■ Task requirements: From the data below, copy exactly the lines that lie between the one holding "move=> <-; rewrite" and the one holding "rewrite leq_eqVlt => /orP[/eqP -> //|k_lt].", including both, and nothing more.

■ Available data:
(* For every $n\ge 0$, $L(C_n)=B_n$, where the Bernoulli numbers are defined by $\sum_{n\ge0}B_n\frac{x^n}{n!}=\frac{x}{e^x-1}$. Equivalently, with $L_\sigma:=L\circ A_\sigma^{-1}$, $L_\sigma(C_n)=B_n/n!$.
   Context: Let $k$ be a field of characteristic $0$. Rooted trees are finite and non-planar; $\bullet$ is the one-vertex tree. $\mathcal H$ is the free commutative $k$-algebra generated by isomorphism classes of rooted trees with at least one edge, with unit identified with $\bullet$. A subforest of a rooted tree $t$ is either $\bullet$ or a nonempty set of pairwise vertex-disjoint subtrees each with at least one edge, identified with the product of its components; $t/s$ is the tree obtained by contracting each component of $s$ to a vertex. $\mathcal H$ is a Hopf algebra with multiplicative coproduct $\Delta(t)=\sum_s s\otimes t/s$ over subforests (as subsets), antipode $S$, convolution $f\star g=(f\otimes g)\circ\Delta$. The tree factorial: $\bullet!=1$, $B_+(t_1\cdots t_n)!=v(B_+(t_1\cdots t_n))\prod_jt_j!$, with $B_+$ grafting on a new root and $v$ the number of vertices. $E$ is the character of $\mathcal H$ with $E(t)=1/t!$, and $L=E\circ S$ its $\star$-inverse. $C_n$ is the corolla with $n$ edges ($C_0=\bullet$). $A_\sigma(s)=\sigma(s)s$ for forests $s=t_1\cdots t_m$, $\sigma(s)=\prod|\mathrm{Aut}(t_j)|$. *)

From HB Require Import structures.
From mathcomp Require Import all_boot all_order all_algebra all_fingroup.
Set Implicit Arguments. Unset Strict Implicit. Unset Printing Implicit Defensive.
Import Order.TTheory GRing.Theory Num.Theory.
Local Open Scope ring_scope.

(* A rooted tree with n+1 vertices 0..n (root 0) is encoded by its parent
   list p = [:: par 1; ...; par n] with par v < v.  Isomorphism classes are
   not quotiented: every function below is isomorphism-invariant. *)
Definition tree := seq nat.

Definition par (p : tree) (v : nat) : nat :=
  if v is v'.+1 then nth 0%N p v' else 0%N.

(* A subforest of t is encoded by a set of edges m : bitseq of size |t|
   (edge v = (par v, v) for v > 0); the components of the forest are the
   connected components of the edge set; the empty set is the trivial
   subforest "bullet". *)
Definition in_edges (m : bitseq) (v : nat) : bool := (0 < v)%N && nth false m v.-1.

Fixpoint all_masks (n : nat) : seq bitseq :=
  if n is n'.+1 then [seq b :: m | b <- [:: false; true], m <- all_masks n']
  else [:: [::]].

(* top vertex of the component (of the contracted tree) containing v *)
Fixpoint rep_f (p : tree) (m : bitseq) (k v : nat) : nat :=
  if k is k'.+1 then (if in_edges m v then rep_f p m k' (par p v) else v) else v.
Definition rep p m v := rep_f p m v v.

(* vertices of t/s *)
Definition kept (p : tree) (m : bitseq) : seq nat :=
  [seq v <- iota 0 (size p).+1 | ~~ in_edges m v].

Definition quot (p : tree) (m : bitseq) : tree :=
  let K := kept p m in [seq index (rep p m (par p v)) K | v <- behead K].

(* the component of s with top vertex r (the one-vertex tree if none) *)
Definition forest_comp (p : tree) (m : bitseq) (r : nat) : tree :=
  let C := [seq v <- iota 0 (size p).+1 | (v == r) || (in_edges m v && (rep p m v == r))] in
  [seq index (par p v) C | v <- behead C].

(* u is a descendant of v (or u = v) *)
Fixpoint anc_f (p : tree) (k v u : nat) : bool :=
  (u == v) || (if k is k'.+1 then (0 < u)%N && anc_f p k' v (par p u) else false).
Definition desc p v u := anc_f p u v u.

Definition subsize (p : tree) (v : nat) : nat :=
  count (desc p v) (iota 0 (size p).+1).

(* tree factorial: product over vertices of subtree sizes (the unfolding of
   bullet! = 1, B_+(t_1...t_n)! = v(B_+(...)) prod t_j!) *)
Definition tfact (p : tree) : nat := \prod_(v <- iota 0 (size p).+1) subsize p v.

Section Char.
Variable F : fieldType.

Definition Echar (p : tree) : F := (tfact p)%:R^-1.

(* L = E o S, computed as the convolution inverse of the character E:
   (L * E)(t) = sum_s L(s) E(t/s) = eps(t) = 0 for t with an edge,
   with L multiplicative on forests and L(bullet) = 1. *)
Fixpoint Lf (k : nat) (p : tree) : F :=
  if k is k'.+1 then
    (if size p == 0%N then 1 else
     - \sum_(m <- all_masks (size p) | m != nseq (size p) true)
         (\prod_(r <- kept p m) Lf k' (forest_comp p m r)) * Echar (quot p m))
  else 1.
Definition Lchar (p : tree) : F := Lf (size p) p.

Definition autcard (p : tree) : nat :=
  #|[pred s : {perm 'I_(size p).+1} | (s ord0 == ord0) &&
     [forall v : 'I_(size p).+1, (0 < val v)%N ==>
        (val (s (inord (par p v))) == par p (val (s v)))]]|.

(* L_sigma = L o A_sigma^{-1}; on a tree t, A_sigma^{-1} t = t / sigma(t) *)
Definition Lsigma (p : tree) : F := Lchar p / (autcard p)%:R.

(* Bernoulli numbers: coefficients of x/(e^x-1) = sum B_n x^n/n!, i.e. the
   coefficientwise identity (sum B_k x^k/k!)(sum x^j/(j+1)!) = 1:
   B_0 = 1 and sum_{k<=N} B_k/(k! (N-k+1)!) = 0 for N >= 1. *)
Fixpoint bseq (n : nat) : seq F :=
  if n is n'.+1 then
    let s := bseq n' in
    rcons s (- \sum_(k < n) s`_k * (n`!%:R / (k`!%:R * ((n - k).+1)`!%:R)))
  else [:: 1].
Definition bernoulli (n : nat) : F := (bseq n)`_n.

End Char.

Definition corolla (n : nat) : tree := nseq n 0%N.

From Pilot Require Import Defs.
From HB Require Import structures.
From mathcomp Require Import all_boot all_order all_algebra all_fingroup.
From mathcomp Require Import ring.
Import GRing.Theory.

(* L is the convolution inverse of the character E : t |-> 1/t!, so for a
   tree t with an edge, L(t) = - sum over proper subforests s of
   L(s) E(t/s).  For the corolla C_N every subforest is determined by the
   set of its k edges (0 <= k <= N, 'C(N, k) choices); its only nontrivial
   component is the corolla C_k, the other kept leaves are one-vertex
   trees with L = 1, and the quotient is C_(N-k), whose factorial is N-k+1.
   Hence L(C_N) = - sum_(k<N) 'C(N, k) L(C_k) / (N-k+1), which is the
   defining recursion B_N = - sum_(k<N) B_k N! / (k! (N-k+1)!) of the
   Bernoulli numbers; strong induction on N gives L(C_N) = B_N.  Finally
   |Aut(C_n)| = n! since every permutation of the leaves is an automorphism. *)

Lemma par_corolla (n v : nat) : par (corolla n) v = 0%N.
Proof. by case: v => //= v; rewrite nth_nseq if_same. Qed.

Lemma rep_corolla (n : nat) (m : bitseq) (v : nat) :
  rep (corolla n) m v = if in_edges m v then 0%N else v.
Proof.
rewrite /rep; case: v => [|v] //; rewrite [rep_f _ _ _ _]/=.
by rewrite nth_nseq if_same; case: ifP => //; case: v.
Qed.

Lemma kept_corolla (n : nat) (m : bitseq) :
  kept (corolla n) m = 0%N :: [seq v <- iota 1 n | ~~ in_edges m v].
Proof. by rewrite /kept size_nseq. Qed.

Definition nedges (m : bitseq) (n : nat) : nat := count (in_edges m) (iota 1 n).

Lemma map_const (T : Type) (s : seq T) (c : nat) : [seq c | _ <- s] = nseq (size s) c.
Proof. by elim: s => //= x s ->. Qed.

Lemma root_comp_corolla (n : nat) (m : bitseq) :
  forest_comp (corolla n) m 0 = corolla (nedges m n).
Proof.
rewrite /forest_comp size_nseq /= /corolla.
set C := filter _ (iota 1 n).
have -> : [seq index (par (nseq n 0) v) (0 :: C) | v <- C] = [seq 0%N | _ <- C].
  by apply: eq_map => v; rewrite (par_corolla n).
rewrite map_const size_filter /nedges; congr nseq; apply: eq_in_count => v.
rewrite mem_iota => /andP[v_gt0 _].
rewrite (_ : (v == 0%N) = false); last by case: v v_gt0.
by case E: (in_edges m v) => //=; rewrite (rep_corolla n) E.
Qed.

Lemma leaf_comp_corolla (n : nat) (m : bitseq) (r : nat) :
  r \in kept (corolla n) m -> r != 0%N -> forest_comp (corolla n) m r = [::].
Proof.
rewrite kept_corolla inE => /orP[/eqP-> //|]; rewrite mem_filter mem_iota add1n.
case/andP=> r_free /andP[_ r_le] r_neq0.
apply/nilP; rewrite /nilp /forest_comp size_map size_behead size_filter size_nseq.
rewrite (@eq_count _ _ (pred1 r)).
  by rewrite count_uniq_mem ?iota_uniq // mem_iota add0n r_le.
move=> v; rewrite rep_corolla; case: (v =P r) => [->|v_neq_r] /=.
  by rewrite eqxx.
rewrite (introF eqP v_neq_r); case: (in_edges m v) => //=.
by rewrite eq_sym (negbTE r_neq0).
Qed.

Lemma quot_corolla (n : nat) (m : bitseq) :
  quot (corolla n) m = corolla (n - nedges m n).
Proof.
rewrite /quot kept_corolla /= /corolla.
set C := filter _ (iota 1 n).
have -> : [seq index (rep (nseq n 0) m (par (nseq n 0) v)) (0 :: C) | v <- C]
          = [seq 0%N | _ <- C].
  by apply: eq_map => v; rewrite (par_corolla n) (rep_corolla n); case: in_edges.
rewrite map_const size_filter; congr nseq.
by have := count_predC (in_edges m) (iota 1 n); rewrite size_iota /nedges => {2}<-; rewrite addKn.
Qed.

(* C_j! = j+1: the root has j+1 descendants, each leaf only itself. *)
Lemma tfact_corolla (j : nat) : tfact (corolla j) = j.+1.
Proof.
rewrite /tfact size_nseq /= big_cons.
have -> : subsize (corolla j) 0 = j.+1.
  rewrite /subsize size_nseq -[RHS](size_iota 0 j.+1) -count_predT.
  apply: eq_count => u; rewrite /desc; case: u => //= u.
  by rewrite nth_nseq if_same; case: u.
rewrite big_seq big1 ?muln1 // => v; rewrite mem_iota => /andP[v_gt0 v_le].
rewrite /subsize size_nseq (@eq_count _ _ (pred1 v)).
  by rewrite count_uniq_mem ?iota_uniq // mem_iota add0n -add1n v_le.
have root_not_desc k : anc_f (corolla j) k v 0 = false.
  by case: k => [|k]; rewrite /= ?andbF orbF; case: v v_gt0 v_le.
move=> u; rewrite /desc /pred1; case: u => [|u]; first by rewrite [anc_f _ _ _ _]/= orbF.
by rewrite [anc_f _ _ _ _]/= nth_nseq if_same root_not_desc orbF.
Qed.

(* |Aut(C_n)| = n!: the automorphisms are exactly the permutations fixing
   the root. *)
Lemma autcard_corolla (n : nat) : autcard (corolla n) = n`!.
Proof.
rewrite /autcard size_nseq.
have := card_perm [set~ (ord0 : 'I_n.+1)]; rewrite cardsC1 card_ord /= => <-.
apply: eq_card => s; rewrite !inE; apply/idP/idP.
  case/andP=> /eqP s0 _; rewrite unfold_in; apply/subsetP => x; rewrite !inE.
  by apply: contra => /eqP ->; rewrite s0.
move=> s_on; have s0 : s ord0 = ord0 by apply: (out_perm s_on); rewrite !inE eqxx.
rewrite s0 eqxx /=; apply/forallP => v; apply/implyP => _.
rewrite !par_corolla.
have -> : inord 0 = ord0 :> 'I_n.+1 by apply: val_inj; rewrite /= inordK.
by rewrite s0.
Qed.

Lemma nedges_cons (b : bool) (m : bitseq) :
  nedges (b :: m) (size m).+1 = (b + nedges m (size m))%N.
Proof.
rewrite /nedges /= (iotaDl 1 1) count_map; congr addn.
by apply: eq_in_count => v; rewrite mem_iota => /andP[v_gt0 _] /=; case: v v_gt0.
Qed.

Lemma nedges_full (m : bitseq) : nedges m (size m) = count id m.
Proof. by elim: m => [|b m IH] //=; rewrite nedges_cons IH. Qed.

Lemma size_masks {n : nat} {m : bitseq} : m \in all_masks n -> size m = n.
Proof.
elim: n m => [|n IH] m /=; first by rewrite inE => /eqP ->.
by rewrite cats0 mem_cat => /orP[] /mapP[m' /IH <- ->].
Qed.

Lemma full_maskE (n : nat) (m : bitseq) :
  size m = n -> (m == nseq n true) = (count id m == n).
Proof.
move=> <-; rewrite -all_count (sameP eqP (all_pred1P true m)).
by apply: eq_all => b; case: b.
Qed.

Local Open Scope ring_scope.

Lemma sum_masks (R : nzRingType) (n : nat) (G : nat -> R) :
  \sum_(m <- all_masks n) G (count id m) = \sum_(k < n.+1) 'C(n, k)%:R * G k.
Proof.
elim: n G => [|n IH] G /=; first by rewrite big_seq1 big_ord_recl big_ord0 /= addr0 mul1r.
rewrite cats0 big_cat !big_map /=.
rewrite (IH G) (eq_bigr (fun m => G (1 + count id m)%N)) // (IH (fun k => G (1 + k)%N)).
rewrite [in RHS]big_ord_recl /= bin0.
under [in RHS]eq_bigr do rewrite binS natrD mulrDl.
rewrite big_split /= addrA; congr (_ + _).
rewrite [in RHS]big_ord_recr /= bin_small // mul0r addr0.
by rewrite big_ord_recl /= bin0.
Qed.

Section Bernoulli.
Variable F : fieldType.

Lemma size_bseq (n : nat) : size (Defs.bseq F n) = n.+1.
Proof. by elim: n => //= n IH; rewrite size_rcons IH. Qed.

Lemma nth_bseq (n k : nat) : (k <= n)%N -> (Defs.bseq F n)`_k = bernoulli F k.
Proof.
elim: n k => [|n IH] k; first by rewrite leqn0 => /eqP ->.
rewrite leq_eqVlt => /orP[/eqP -> //|k_lt].
by rewrite /= nth_rcons size_bseq k_lt IH.
Qed.

Lemma bernoulli_rec (n : nat) : bernoulli F n.+1 =
  - \sum_(k < n.+1) bernoulli F k * ((n.+1)`!%:R / (k`!%:R * ((n.+1 - k).+1)`!%:R)).
Proof.
rewrite {1}/bernoulli /= nth_rcons size_bseq ltnn eqxx; congr (- _).
by apply: eq_bigr => k _; rewrite nth_bseq // -ltnS.
Qed.

Lemma binom_div_succ (hF : [pchar F] =i pred0) (N k : nat) : (k <= N)%N ->
  'C(N, k)%:R / (N - k).+1%:R = N`!%:R / (k`!%:R * (N - k).+1`!%:R) :> F.
Proof.
move=> k_le; have nz j : (0 < j)%N -> j%:R != 0 :> F.
  by move=> j_gt0; rewrite ((pcharf0P F).1 hF) -lt0n.
rewrite -(bin_fact k_le) factS !natrM.
have a0 : k`!%:R != 0 :> F by apply/nz/fact_gt0.
have b0 : (N - k)`!%:R != 0 :> F by apply/nz/fact_gt0.
have c0 : (N - k).+1%:R != 0 :> F by apply: nz.
by field; rewrite a0 b0 addrC natr1 c0.
Qed.

End Bernoulli.

Section LOnCorollas.
Variable F : fieldType.

Lemma Lf_nil (f : nat) : Lf F f [::] = 1.
Proof. by case: f. Qed.

Lemma Lf_succ (f : nat) (p : tree) : Lf F f.+1 p = (if size p == 0%N then 1 else
     - \sum_(m <- all_masks (size p) | m != nseq (size p) true)
         (\prod_(r <- kept p m) Lf F f (forest_comp p m r)) * Echar F (quot p m)).
Proof. by []. Qed.

Lemma mask_term_corolla (f n : nat) (m : bitseq) : size m = n ->
  (\prod_(r <- kept (corolla n) m) Lf F f (forest_comp (corolla n) m r))
    * Echar F (quot (corolla n) m)
  = Lf F f (corolla (count id m)) / (n - count id m).+1%:R.
Proof.
move=> size_m; have k_eq : nedges m n = count id m by rewrite -size_m nedges_full.
rewrite quot_corolla k_eq /Echar tfact_corolla; congr (_ * _).
rewrite kept_corolla big_cons root_comp_corolla k_eq big_seq big1 ?mulr1 // => r r_in.
rewrite leaf_comp_corolla ?Lf_nil // ?kept_corolla ?inE ?r_in ?orbT //.
by move: r_in; rewrite mem_filter mem_iota; case: r.
Qed.

Lemma Lf_corolla_rec (f n : nat) : Lf F f.+1 (corolla n.+1) =
  - \sum_(k < n.+1) 'C(n.+1, k)%:R * (Lf F f (corolla k) / (n.+1 - k).+1%:R).
Proof.
rewrite Lf_succ size_nseq -[n.+1 == 0%N]/false; congr (- _).
pose G k := if k != n.+1 then Lf F f (corolla k) / (n.+1 - k).+1%:R else 0.
transitivity (\sum_(m <- all_masks n.+1) G (count id m)).
  rewrite big_mkcond; apply: eq_big_seq => m m_in; have size_m := size_masks m_in.
  by rewrite /G full_maskE // mask_term_corolla //; case: eqP.
rewrite sum_masks big_ord_recr /= {2}/G eqxx mulr0 addr0.
by apply: eq_bigr => k _; rewrite /G (ltn_eqF (ltn_ord k)).
Qed.

Lemma Lf_corolla (hF : [pchar F] =i pred0) (N f : nat) :
  (N <= f)%N -> Lf F f (corolla N) = bernoulli F N.
Proof.
elim/ltn_ind: N f => [[|n] IH] f N_le; first by rewrite Lf_nil.
case: f N_le => // f n_le.
rewrite Lf_corolla_rec bernoulli_rec; congr (- _); apply: eq_bigr => k _.
have k_le_f : (k <= f)%N by rewrite -ltnS (leq_trans (ltn_ord k) n_le).
by rewrite IH // mulrCA binom_div_succ // ltnW.
Qed.

End LOnCorollas.

Theorem mainTheorem12 (F : fieldType) (hF : [pchar F] =i pred0) (n : nat) :
  Lchar F (corolla n) = bernoulli F n /\
  Lsigma F (corolla n) = bernoulli F n / (n`!)%:R.
Proof.
have L_cor : Lchar F (corolla n) = bernoulli F n.
  by rewrite /Lchar size_nseq Lf_corolla.
by split => //; rewrite /Lsigma L_cor autcard_corolla.
Qed.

■ Solution to this task:
move=> <-; rewrite -all_count (sameP eqP (all_pred1P true m)).
by apply: eq_all => b; case: b.
Qed.

Local Open Scope ring_scope.

Lemma sum_masks (R : nzRingType) (n : nat) (G : nat -> R) :
  \sum_(m <- all_masks n) G (count id m) = \sum_(k < n.+1) 'C(n, k)%:R * G k.
Proof.
elim: n G => [|n IH] G /=; first by rewrite big_seq1 big_ord_recl big_ord0 /= addr0 mul1r.
rewrite cats0 big_cat !big_map /=.
rewrite (IH G) (eq_bigr (fun m => G (1 + count id m)%N)) // (IH (fun k => G (1 + k)%N)).
rewrite [in RHS]big_ord_recl /= bin0.
under [in RHS]eq_bigr do rewrite binS natrD mulrDl.
rewrite big_split /= addrA; congr (_ + _).
rewrite [in RHS]big_ord_recr /= bin_small // mul0r addr0.
by rewrite big_ord_recl /= bin0.
Qed.

Section Bernoulli.
Variable F : fieldType.

Lemma size_bseq (n : nat) : size (Defs.bseq F n) = n.+1.
Proof. by elim: n => //= n IH; rewrite size_rcons IH. Qed.

Lemma nth_bseq (n k : nat) : (k <= n)%N -> (Defs.bseq F n)`_k = bernoulli F k.
Proof.
elim: n k => [|n IH] k; first by rewrite leqn0 => /eqP ->.
rewrite leq_eqVlt => /orP[/eqP -> //|k_lt].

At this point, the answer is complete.